As pessoas gostam assim. Voluntários distraídos, aprisionados um a um em pequenos aquários para peixes grandes, dias seguidos imersos numa penumbra fria e só os dedos visíveis do lado de fora do vidro. Encostadas ao Aquário Digital, as pontas dos dedos serão livres como bailarinas e, espera-se, simularão os movimentos de cozinhar uma refeição, amparar um animal doméstico ou encontrar um antigo parceiro sexual, à noite, no escuro, na mesma cama. A dança dos dedos imitará tudo ou quase tudo. Camionetas de excursionistas virão observar o bailado digital, em silêncio, e alguns forasteiros, os mais timoratos, encostarão a sua própria mão ao exterior do aquário, sobreposta à mão dos falsos peixes. Nesse instante, com a emoção do momento, haverá pessoas a filmar e a chorar, mais a filmar do que a chorar.

 

EMOÇÕES BRANCAS E EMOÇÕES VERMELHAS

Há Emoções Brancas e Emoções Vermelhas, isto disse um filósofo e esta parte é mesmo verdade. As emoções brancas são as que temos sozinhos, na cama, por exemplo, na cama e na casa de banho, quando estamos sozinhos. As emoções vermelhas são as que exibimos em público, diante dos outros, que é como quem diz na praça, na missa e quando discursamos contra a desigualdade. O objetivo das pessoas aparentemente boas é substituir as Emoções Brancas pelas Vermelhas, e para sempre. É um processo longo e muito bonito, que começa nas universidades e nos suplementos de autoajuda dos jornais e só depois é adotado por políticos e jovens preocupados com o clima.

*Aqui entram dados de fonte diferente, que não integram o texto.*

Lemma orth_rank_exists A r : orth_decomp n1 n2 n3 A r ->
  exists m, is_orth_rank n1 n2 n3 A m /\ (m <= r)%nat.
Proof.
  intros Hr.
  destruct (dec_inh_nat_subset_has_unique_least_element (orth_decomp n1 n2 n3 A)
              (fun m => classic _) (ex_intro _ r Hr)) as (m & (Hm & Hleast) & _).
  exists m. split; [split; assumption|]. now apply Hleast.
Qed.

End Frobenius.

(** * The lower bound *)

Definition vec := nat -> R.

Definition dot (u v : vec) : R := u 0%nat * v 0%nat + u 1%nat * v 1%nat + u 2%nat * v 2%nat.

Definition cross (u v : vec) : vec := fun i =>
  match i with
  | 0 => u 1%nat * v 2%nat - u 2%nat * v 1%nat
  | 1 => u 2%nat * v 0%nat - u 0%nat * v 2%nat
  | _ => u 0%nat * v 1%nat - u 1%nat * v 0%nat
  end.

Definition std_basis (k : nat) : vec := fun i => if Nat.eqb i k then 1 else 0.

Lemma dot_comm u v : dot u v = dot v u.
Proof. unfold dot. ring. Qed.

Lemma dot_self_ge0 u : 0 <= dot u u.
Proof. unfold dot. nra. Qed.

Lemma dot_self_eq0 u : dot u u = 0 -> u 0%nat = 0 /\ u 1%nat = 0 /\ u 2%nat = 0.
Proof. unfold dot. intros. repeat split; nra. Qed.

Lemma dot_cross_l u v : dot (cross u v) u = 0.
Proof. unfold dot, cross. simpl. ring. Qed.

Lemma dot_cross_r u v : dot (cross u v) v = 0.
Proof. unfold dot, cross. simpl. ring. Qed.

Lemma cross_norm u v : dot (cross u v) (cross u v) = dot u u * dot v v - (dot u v) ^ 2.
Proof. unfold dot, cross. simpl. ring. Qed.

Lemma dot_cross_cycle a b c : dot (cross a b) c = dot (cross b c) a.
Proof. unfold dot, cross. simpl. ring. Qed.

Lemma cross_norm_swap a b : dot (cross a b) (cross a b) = dot (cross b a) (cross b a).
Proof. unfold dot, cross. simpl. ring. Qed.

Lemma cauchy_schwarz u v : (dot u v) ^ 2 <= dot u u * dot v v.
Proof. pose proof (dot_self_ge0 (cross u v)). rewrite cross_norm in *. lra. Qed.

Lemma frob_out x y z x' y' z' :
  frob 3 3 3 (out x y z) (out x' y' z') = dot x x' * dot y y' * dot z z'.
Proof. unfold frob, out, dot. simpl. ring. Qed.

Definition contract12 (A : tensor3) (x y : vec) : vec :=
  fun k => rsum 3 (fun i => rsum 3 (fun j => A i j k * x i * y j)).

Lemma frob_out_contract12 A x y z : frob 3 3 3 A (out x y z) = dot (contract12 A x y) z.
Proof. unfold frob, out, dot, contract12. simpl. ring. Qed.

Definition kronecker (a b : nat) : R := if Nat.eqb a b then 1 else 0.

Definition levi_civita (i j k : nat) : R :=
  match i, j, k with
  | 0, 1, 2 | 1, 2, 0 | 2, 0, 1 => 1
  | 0, 2, 1 | 2, 1, 0 | 1, 0, 2 => -1
  | _, _, _ => 0
  end.

Definition Aex : tensor3 := fun i j k =>
  4 * levi_civita i j k + kronecker i j * kronecker k 0 + kronecker i k * kronecker j 0
  + kronecker j k * kronecker i 0.

Lemma frob_Aex : frob 3 3 3 Aex Aex = 111.
Proof. unfold frob, Aex, kronecker, levi_civita. simpl. ring. Qed.

Lemma Aex_contract12_sos x y :
  18 * (dot x x * dot y y) - dot (contract12 Aex x y) (contract12 Aex x y) =
    (3 * x 0%nat * y 0%nat + 4 * x 1%nat * y 1%nat - x 1%nat * y 2%nat + x 2%nat * y 1%nat
       + 4 * x 2%nat * y 2%nat) ^ 2
  + (x 0%nat * y 1%nat + x 2%nat * y 0%nat) ^ 2 + (x 0%nat * y 2%nat - x 1%nat * y 0%nat) ^ 2
  + (x 1%nat * y 1%nat + x 2%nat * y 2%nat) ^ 2 + (x 1%nat * y 2%nat - x 2%nat * y 1%nat) ^ 2.
Proof. unfold dot, contract12, Aex, kronecker, levi_civita. simpl. ring. Qed.

Lemma Aex_contract12_le x y :
  dot (contract12 Aex x y) (contract12 Aex x y) <= 18 * (dot x x * dot y y).
Proof.
  pose proof (Aex_contract12_sos x y) as Hsos.
  match type of Hsos with _ = ?a ^ 2 + ?b ^ 2 + ?c ^ 2 + ?d ^ 2 + ?e ^ 2 =>
    pose proof (pow2_ge_0 a); pose proof (pow2_ge_0 b); pose proof (pow2_ge_0 c);
    pose proof (pow2_ge_0 d); pose proof (pow2_ge_0 e) end.
  lra.
Qed.

Lemma Aex_spectral_bound : spectral_bound 3 3 3 Aex 18.
Proof.
  intros x y z. rewrite frob_out, frob_out_contract12.
  pose proof (cauchy_schwarz (contract12 Aex x y) z).
  pose proof (Aex_contract12_le x y). pose proof (dot_self_ge0 z). nra.
Qed.

Lemma Aex_orth_decomp_ge_7 r : orth_decomp 3 3 3 Aex r -> (7 <= r)%nat.
Proof.
  intros Hr. pose proof (orth_decomp_frob_le 3 3 3 Aex 18 r Aex_spectral_bound Hr) as Hle.
  rewrite frob_Aex in Hle.
  apply Nat.nlt_ge. intros Hlt.
  assert (Hr6 : INR r <= 6) by (replace 6 with (INR 6) by (simpl; ring); apply le_INR; lia).
  lra.
Qed.

(** * The upper bound *)

Lemma cross_nonzero u v : dot u v = 0 -> dot u u <> 0 -> dot v v <> 0 ->
  dot (cross u v) (cross u v) <> 0.
Proof.
  intros Huv Hu Hv. rewrite cross_norm, Huv.
  replace (dot u u * dot v v - 0 ^ 2) with (dot u u * dot v v) by ring.
  now apply Rmult_integral_contrapositive.
Qed.

Lemma orth_basis_expansion u v : dot u v = 0 -> dot u u <> 0 -> dot v v <> 0 ->
  forall (f : vec) i, (i < 3)%nat ->
  f i = u i * dot u f / dot u u + v i * dot v f / dot v v
        + cross u v i * dot (cross u v) f / dot (cross u v) (cross u v).
Proof.
  intros Huv Hu Hv f i Hi.
  rewrite cross_norm, Huv.
  replace (dot u u * dot v v - 0 ^ 2) with (dot u u * dot v v) by ring.
  assert (E : u i * dot u f * dot v v + v i * dot v f * dot u u + cross u v i * dot (cross u v) f
     = dot u u * dot v v * f i + dot u v * (u i * dot v f + v i * dot u f - dot u v * f i)).
  { destruct i as [|[|[|i]]]; try lia; unfold dot, cross; simpl; ring. }
  rewrite Huv in E.
  replace (u i * dot u f / dot u u + v i * dot v f / dot v v
           + cross u v i * dot (cross u v) f / (dot u u * dot v v))
    with ((u i * dot u f * dot v v + v i * dot v f * dot u u + cross u v i * dot (cross u v) f)
          / (dot u u * dot v v)) by (field; auto).
  rewrite E. field. auto.
Qed.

Um dia, nos jantares de família, se famílias e jantares ainda houver, todas as emoções serão vermelhas, serão públicas e mesmo os adolescentes, trancados há tanto tempo sozinhos na casa de banho, temerão o respirar perverso do pai ou a maldade da mãe, do outro lado da porta, à procura de certezas: “ó filho, a tua emoção, aí dentro, é branca ou vermelha?”

 

HOLÍSTICA

Nesse dia, a mulher sentiu o desconforto de ser depositária de um excesso de Holística. Era segunda-feira e a Holística estava-lhe no corpo e no espírito e no sangue. Estava atrasada para o emprego. O autocarro chegou completamente cheio e um homem encostou-se demasiado ao seu corpo. A mulher deu-lhe um pontapé nos tomates e as pessoas aplaudiram, encaixotadas. O passeio estava em obras e a mulher molhou um pé, não um, dois, dois pés e uma meia preta. Não teve tempo para café nem pequeno-almoço. Na verdade, chegou ao emprego tão já cansada que pensou na Holística como uma coisa boa, um animal pequeno ou um cartão de filiação partidária. Procurou a Holística na carteira e no chão, debaixo do pé mais curto da secretária. Nada. Teria de esperar. Se tudo corresse bem, reencontraria a Holística a caminho de casa, e desta vez não a acharia excessiva. Se tudo corresse bem, ia a tempo do autocarro das sete e durante a hora e meia da viagem nenhum homem, nem um, se atreveria a apalpá-la em público.

 

PARTIDO DO BEM

Desta vez, o Partido do Bem não cometeria o erro de definir a verdade. A verdade era coisa antiga e ingénua, a verdade matara muita gente. O Partido do Bem ia dedicar-se a definir a mentira. Nomearia uma comissão de sábios anónimos, entre eles um padre, uma socióloga e um sem-abrigo recentemente promovido pela estranha autenticidade da sua poesia. Haveria também comissários políticos do Partido do Bem, meros observadores, não fora as armas americanas, os cartões de crédito e aquela ansiedade com a questão da desigualdade. Como candidatas a mentiras perfilavam-se já a liberdade e a fraternidade, e só não se discutia a igualdade porque os sábios e os do Partido do Bem gostavam, depois do trabalho, de se reunir num restaurante japonês onde a maioria, por pudor, pedia cerveja, mas alguns, muito poucos, preferiam saqué.